The system that emerged had several key pieces. Every member country would fix its currency to the US dollar at a specified rate. The dollar, in turn, was fixed to gold at $35 an ounce. Central banks of other countries could, in principle, redeem their dollars for gold at that rate. Exchange rates could be changed in cases of fundamental disequilibrium, but only with approval from the new International Monetary Fund. The Fund itself was a pool of currencies that countries in short-term trouble could borrow from, conditional on reforms.
03What broke, what survived
The Bretton Woods system did broadly what it was designed to do. Between 1945 and 1971, world trade grew dramatically, exchange rates were relatively stable, and the industrialized world enjoyed one of the strongest growth periods in its history.

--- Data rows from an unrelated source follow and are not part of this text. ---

(* The digit ranges [0, q_k - 1] tile: (q_k - 1)/(q_1...q_k) = 1/(q_1...q_{k-1}) - 1/(q_1...q_k). *)
Lemma is_series_base_telescoping Q : bases_ge2 Q ->
  is_series (fun k => INR (Q (S k) - 1) / Qprod Q (S k)) 1.
Proof.
  intros HQ.
  assert (Hpartial : forall n, sum_f_R0 (fun k => INR (Q (S k) - 1) / Qprod Q (S k)) n
                               = 1 - / Qprod Q (S n)).
  { induction n as [|n IH].
    - pose proof (HQ 1%nat ltac:(lia)). pose proof (INR_base_ge2 Q 1 HQ ltac:(lia)).
      simpl. rewrite minus_INR by lia. simpl. field; lra.
    - rewrite tech5, IH. pose proof (HQ (S (S n)) ltac:(lia)).
      pose proof (INR_base_ge2 Q (S (S n)) HQ ltac:(lia)). pose proof (Qprod_pos Q (S n) HQ).
      rewrite minus_INR by lia.
      change (Qprod Q (S (S n))) with (Qprod Q (S n) * INR (Q (S (S n)))).
      simpl (INR 1); field; lra. }
  unfold is_series. change (is_lim_seq (sum_n (fun k => INR (Q (S k) - 1) / Qprod Q (S k))) 1).
  apply (is_lim_seq_ext (fun n => 1 - / Qprod Q (S n))); [intros; rewrite sum_n_Reals, Hpartial; reflexivity|].
  replace (Finite 1) with (Finite (1 - 0)) by (f_equal; ring).
  apply is_lim_seq_minus'; [apply is_lim_seq_const|].
  apply (is_lim_seq_le_le (fun _ => 0) _ (fun n => (/ 2) ^ S n)).
  - intros n. pose proof (Qprod_pos Q (S n) HQ). pose proof (Qprod_ge_pow2 Q (S n) HQ).
    split; [apply Rlt_le, Rinv_0_lt_compat; lra|].
    rewrite pow_inv. apply Rinv_le_contravar; [apply pow_lt|]; lra.
  - apply is_lim_seq_const.
  - apply (is_lim_seq_incr_1 (fun n => (/ 2) ^ n)), is_lim_seq_geom. rewrite Rabs_right; lra.
Qed.

Lemma tail_max_sub_min Q n : bases_ge2 Q -> tail_max Q n - tail_min Q n = 1.
Proof.
  intros HQ. unfold tail_max, tail_min.
  rewrite negaQ_sum_top_sub_bot by auto using bases_ge2_shift.
  apply is_series_unique, is_series_base_telescoping, bases_ge2_shift; auto.
Qed.

Lemma tail_min_neg_tail_max_pos Q n : bases_ge2 Q -> tail_min Q n < 0 < tail_max Q n.
Proof.
  intros HQ. pose proof (bases_ge2_shift Q n HQ) as HQn.
  assert (Hzero : admissible (shift Q n) (fun _ => 0%nat)) by (intros k Hk; specialize (HQn k Hk); lia).
  rewrite <- (negaQ_sum_zero (shift Q n)). unfold tail_max, tail_min, negaQ_sum.
  pose proof (Qprod_pos (shift Q n) 1 HQn). pose proof (Qprod_pos (shift Q n) 2 HQn).
  pose proof (HQn 1%nat ltac:(lia)). pose proof (HQn 2%nat ltac:(lia)).
  pose proof (INR_base_ge2 _ 1 HQn ltac:(lia)). pose proof (INR_base_ge2 _ 2 HQn ltac:(lia)).
  split; [apply (Series_lt_compat _ _ 0) | apply (Series_lt_compat _ _ 1)];
    auto using negaQ_term_ge_bot, negaQ_term_le_top, ex_series_negaQ, admissible_top_digits,
      admissible_bot_digits;
    unfold negaQ_term, top_digits, bot_digits; simpl Nat.even; cbv iota;
    rewrite minus_INR by lia; simpl INR; simpl pow; unfold Rdiv.
  - pose proof (Rinv_0_lt_compat _ H). nra.
  - pose proof (Rinv_0_lt_compat _ H0). nra.
Qed.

Western Europe rebuilt. Japan rebuilt. The system was not uncontroversial — there were repeated currency crises, devaluations, and complaints about US dominance — but compared to the 1930s, it was a working order.
The flaw in the system became visible slowly. As the US economy grew more intertwined with the rest of the world, more dollars flowed out of the country to finance imports and overseas investment. Foreign central banks accumulated dollars at an ever-faster rate. By the late 1960s, the dollars held abroad exceeded the US gold stock by a wide margin. If all of them had been presented for redemption at $35 an ounce, the US would have run out of gold immediately. This tension had a name — the Triffin dilemma, after the economist Robert Triffin, who pointed out that the reserve-currency country had to run persistent deficits to supply the world with dollars, which eventually undermined confidence in the dollar itself.

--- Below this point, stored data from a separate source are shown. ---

(* Let $0<\underline\theta<\overline\theta<\infty$ and let the buyer of type $\theta\in[\underline\theta,\overline\theta]$ have utility $u(t,q;\theta)=\theta q-qt$ on $\mathbb{Z}$. Let $\theta$ have distribution $\Gamma$ with continuous, strictly positive density $\gamma$ on $[\underline\theta,\overline\theta]$, with nondecreasing hazard rate: $\frac{\gamma(\theta')}{1-\Gamma(\theta')}\le\frac{\gamma(\theta'')}{1-\Gamma(\theta'')}$ for $\theta'<\theta''$. Let $\mathcal F$ be the set of mechanisms $F=(t,q):[\underline\theta,\overline\theta]\to[0,\overline\theta]\times[0,1]$ with finite range that are strategy-proof ($u(F(\theta);\theta)\ge u(F(\theta');\theta)$ for all $\theta,\theta'$), individually rational ($u(F(\theta);\theta)\ge0$), and satisfy: $u(F(\theta);\theta)=0$ implies $F(\theta)=(0,0)$. The seller's expected revenue is $E(F)=\int_{\underline\theta}^{\overline\theta}q(\theta)t(\theta)\gamma(\theta)\,d\theta$. Then a revenue-maximizing $F^*\in\mathcal F$ exists and is deterministic: there is $\theta^*\in[\underline\theta,\overline\theta]$ with $F^*(\theta)=(0,0)$ for $\theta\in[\underline\theta,\theta^*]$ and $F^*(\theta)=(\theta^*,1)$ for $\theta\in(\theta^*,\overline\theta]$.
   Context: $\mathbb{Z}=[0,\infty)\times[0,1]$; $q$ is the probability of winning an indivisible object, $t$ is the payment made upon winning, and $\theta$ is the valuation. *)

From Stdlib Require Import Reals List.
From Coquelicot Require Import Coquelicot.
Open Scope R_scope.

Definition util (t q theta : R) : R := theta * q - q * t.

Definition cont_on (a b : R) (f : R -> R) : Prop :=
  forall x, a <= x <= b -> forall eps, 0 < eps -> exists delta, 0 < delta /\
    forall y, a <= y <= b -> Rabs (y - x) < delta -> Rabs (f y - f x) < eps.

Definition cdf (lo : R) (gamma : R -> R) (theta : R) : R := RInt gamma lo theta.

Definition admissible (lo hi : R) (t q : R -> R) : Prop :=
  (forall th, lo <= th <= hi -> 0 <= t th <= hi /\ 0 <= q th <= 1) /\
  (exists l : list (R * R), forall th, lo <= th <= hi -> In (t th, q th) l) /\
  (forall th th', lo <= th <= hi -> lo <= th' <= hi ->
     util (t th') (q th') th <= util (t th) (q th) th) /\
  (forall th, lo <= th <= hi -> 0 <= util (t th) (q th) th) /\
  (forall th, lo <= th <= hi -> util (t th) (q th) th = 0 -> t th = 0 /\ q th = 0).

Definition revenue (lo hi : R) (gamma t q : R -> R) : R :=
  RInt (fun th => q th * t th * gamma th) lo hi.

From Stdlib Require Import Reals List Lra Lia Classical.
From Coquelicot Require Import Coquelicot.
Open Scope R_scope.

(* Write p = q t for the payment.  Strategy-proofness gives, for th <= th',
   th (q th' - q th) <= p th' - p th <= th' (q th' - q th); in particular q is
   nondecreasing and p is constant on each level set of q.  Since q has finitely many
   values, peel off the top one: if s lies on the second-highest level, the mechanism
   in which every type above s reports s is again strategy-proof, and p exceeds its
   payment by c (q hi - q s) above a threshold c and by 0 below.  So the top layer is a
   posted price c sold in quantity q hi - q s, earning at most (q hi - q s) R* with
   R* = max_c c (1 - Gamma c).  By induction on the number of values the revenue is at
   most q hi R* <= R*, which the posted price at the maximiser attains. *)

(* The density is continuous only on [lo, hi]; composing with [clamp] extends it to a
   function continuous on all of R, as the derivative of the tail integral requires. *)
Definition clamp (lo hi x : R) : R := Rmax lo (Rmin hi x).

Lemma clamp_in lo hi x : lo <= hi -> lo <= clamp lo hi x <= hi.
Proof. intros; unfold clamp, Rmax, Rmin; repeat destruct Rle_dec; lra. Qed.

Lemma clamp_id lo hi x : lo <= x <= hi -> clamp lo hi x = x.
Proof. intros; unfold clamp, Rmax, Rmin; repeat destruct Rle_dec; lra. Qed.

Lemma clamp_dist lo hi x y : lo <= hi ->
  Rabs (clamp lo hi y - clamp lo hi x) <= Rabs (y - x).
Proof.
  intros; unfold clamp, Rmax, Rmin; repeat destruct Rle_dec;
  unfold Rabs; repeat destruct Rcase_abs; lra.
Qed.

Lemma continuous_clamp_ext lo hi f : lo <= hi -> cont_on lo hi f ->
  forall x, continuous (fun y => f (clamp lo hi y)) x.
Proof.
  intros Hlohi Hf x. apply filterlim_locally. intros eps.
  destruct (Hf (clamp lo hi x) (clamp_in lo hi x Hlohi) eps (cond_pos eps))
    as (delta & Hdelta & Hclose).
  exists (mkposreal delta Hdelta). intros y Hy.
  change (Rabs (y - x) < delta) in Hy.
  apply Hclose; [apply clamp_in; exact Hlohi|].
  pose proof (clamp_dist lo hi x y Hlohi). lra.
Qed.

Lemma continuity_pt_tail_integral (g : R -> R) hi :
  (forall x, continuous g x) -> forall c, continuity_pt (fun a => a * RInt g a hi) c.
Proof.
  intros Hg c. apply continuity_pt_filterlim.
  assert (Htail : continuous (fun a => RInt g a hi) c).
  { apply (@ex_derive_continuous R_AbsRing R_NormedModule).
    exists (opp (g c)). apply (is_derive_RInt' g (fun a => RInt g a hi) c hi); [|apply Hg].
    apply filter_forall. intros a. apply (@RInt_correct R_CompleteNormedModule).
    apply (@ex_RInt_continuous R_CompleteNormedModule). intros; apply Hg. }
  exact (continuous_mult (fun a => a) _ c (continuous_id c) Htail).
Qed.

Lemma is_RInt_ext_ord (f h : R -> R) a b l : a <= b ->
  (forall x, a < x < b -> f x = h x) -> is_RInt f a b l -> is_RInt h a b l.
Proof.
  intros Hab Heq. apply is_RInt_ext. intros x.
  rewrite Rmin_left, Rmax_right by exact Hab. apply Heq.
Qed.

04Multilateral form, hegemonic substance
One of the odd features of Bretton Woods is how hierarchical it was. It looked multilateral on paper — 44 countries, weeks of conference sessions, committee votes on technical details — but the decisions that mattered had been made by two men in advance, and one of them was negotiating from a position of decisive advantage. The conference was a way to get the rest of the world to legitimize an agreement that was going to happen regardless.

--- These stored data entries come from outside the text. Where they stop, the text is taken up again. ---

Lemma Theta11_msq_resid :
  (Theta11 Sig g)^-1 - msq_resid Sig (gammaSS Sig S)
    = - (y^T *m (A *m (g - gamma0 Sig))) 0 0.
Proof.
have gb : (g^T *m b) 0 0 = (y^T *m A *m g) 0 0.
  rewrite -(selmx_enum_supp g_supp) quad_formC ?Sig_m1m1_sym //.
  by rewrite !trmx_mul trmxK -!mulmxA gammaSS_normal.
by rewrite Theta11E msq_residE dot_Sig_m1m1_dev gb; ring.
Qed.

Lemma Theta11_msq_resid_sqr_bound :
  ((Theta11 Sig g)^-1 - msq_resid Sig (gammaSS Sig S)) ^+ 2 <= k.
Proof.
have yy_le : c * (y^T *m y) 0 0 <= 1.
  apply: le_trans (Sig_m1m1_lbound y) _; rewrite gammaSS_quad.
  have := Sig_psd (resid_coef (gammaSS Sig S)).
  by rewrite -/(second_moment _ _) -/(msq_resid _ _) msq_residE; lra.
have l1_le : l1norm y ^+ 2 <= #|S|%:R * (y^T *m y) 0 0.
  by apply: l1norm_sqr_le => j; exact: selmx_enum_notin.
rewrite Theta11_msq_resid sqrrN -real_normK ?num_real //.
apply: le_trans (_ : (lam * l1norm y) ^+ 2 <= _).
  by rewrite lerXn2r ?nnegrE ?mulr_ge0 ?sumr_ge0 // dot_le_l1norm.
rewrite exprMn kE ler_wpM2l ?sqr_ge0 //; apply: le_trans l1_le _.
by rewrite ler_wpM2l // -(ler_pM2l c_gt0) mulfV ?gt_eqF.
Qed.

End SparseBounds.

End Covariance.

Theorem lemma3p5 (R : realType) (q : nat -> nat)
  (Sig : forall n, 'M[R]_((q n).+1))
  (S : forall n, {set 'I_(q n)})
  (gs : forall n, 'cV[R]_(q n)) (lams : nat -> R) :
  (* standing assumptions on the covariance *)
  (forall n, std_cov (Sig n)) ->
  (* 1 / Lambda_min^2 = O(1): eigenvalues eventually bounded below *)
  (exists2 c : R, 0 < c &
     \forall n \near \oo, forall a : R, eigenvalue (Sig n) a -> c <= a) ->
  (* gamma^sharp supported on S *)
  (forall n j, j \notin S n -> gs n j 0 = 0) ->
  (forall n, 0 < lams n) ->
  (forall n, supnorm_le (Sig n) (gs n) (lams n)) ->
  (fun n => lams n * Num.sqrt (#|S n|%:R)) @ \oo --> (0 : R) ->
  eligible Sig gs lams /\
  (fun n => (Theta11 (Sig n) (gs n))^-1 - msq_resid (Sig n) (gammaSS (Sig n) (S n)))
     @ \oo --> (0 : R).
Proof.
move=> Sig_cov [c c_gt0 Sig_eig] gs_supp lams_gt0 gs_sup u0.
have Sig_lbound : \forall n \near \oo, quad_lbound (Sig n) c.
  apply: filterS Sig_eig => n; have [Sig_sym _ _ _] := Sig_cov n.
  exact: eigen_quad_lbound.
split; [split => // | ]; apply: cvg0_sqr_le (cvg0_poly_sqr_div c u0) _;
  apply: filterS Sig_lbound => n lbound_n; have [Sig_sym Sig_psd _ Sig_diag] := Sig_cov n;
  have lam_ge0 := ltW (lams_gt0 n).
  exact (l1norm_sqr_bound Sig_sym Sig_diag Sig_psd c_gt0 lbound_n (gs_supp n) (gs_sup n)).
have := Theta11_msq_resid_sqr_bound Sig_sym Sig_diag Sig_psd c_gt0 lbound_n (gs_supp n) lam_ge0 (gs_sup n).
set k := _ / c; have : 0 <= k by rewrite divr_ge0 ?sqr_ge0 ?ltW.
by have := sqr_ge0 k; lra.
Qed.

This pattern — multilateral form, hegemonic substance — has become a standard way to describe the postwar international order. The United States built institutions that were genuinely international, with rules that often constrained American behavior at the margins. But on the questions that really mattered, those institutions reflected American preferences. The IMF was headquartered in Washington. The dollar was the reserve currency. American policymakers set the agenda for decades.
05Conclusion
Over three weeks in July 1944, 44 countries met at a resort in New Hampshire and signed off on a blueprint that two men had mostly written in advance. The blueprint held for 27 years, then broke, then kept running in modified form through its institutions. The world economy we live in today is a direct descendant of that conference — more directly than almost any other single event of the 20th century.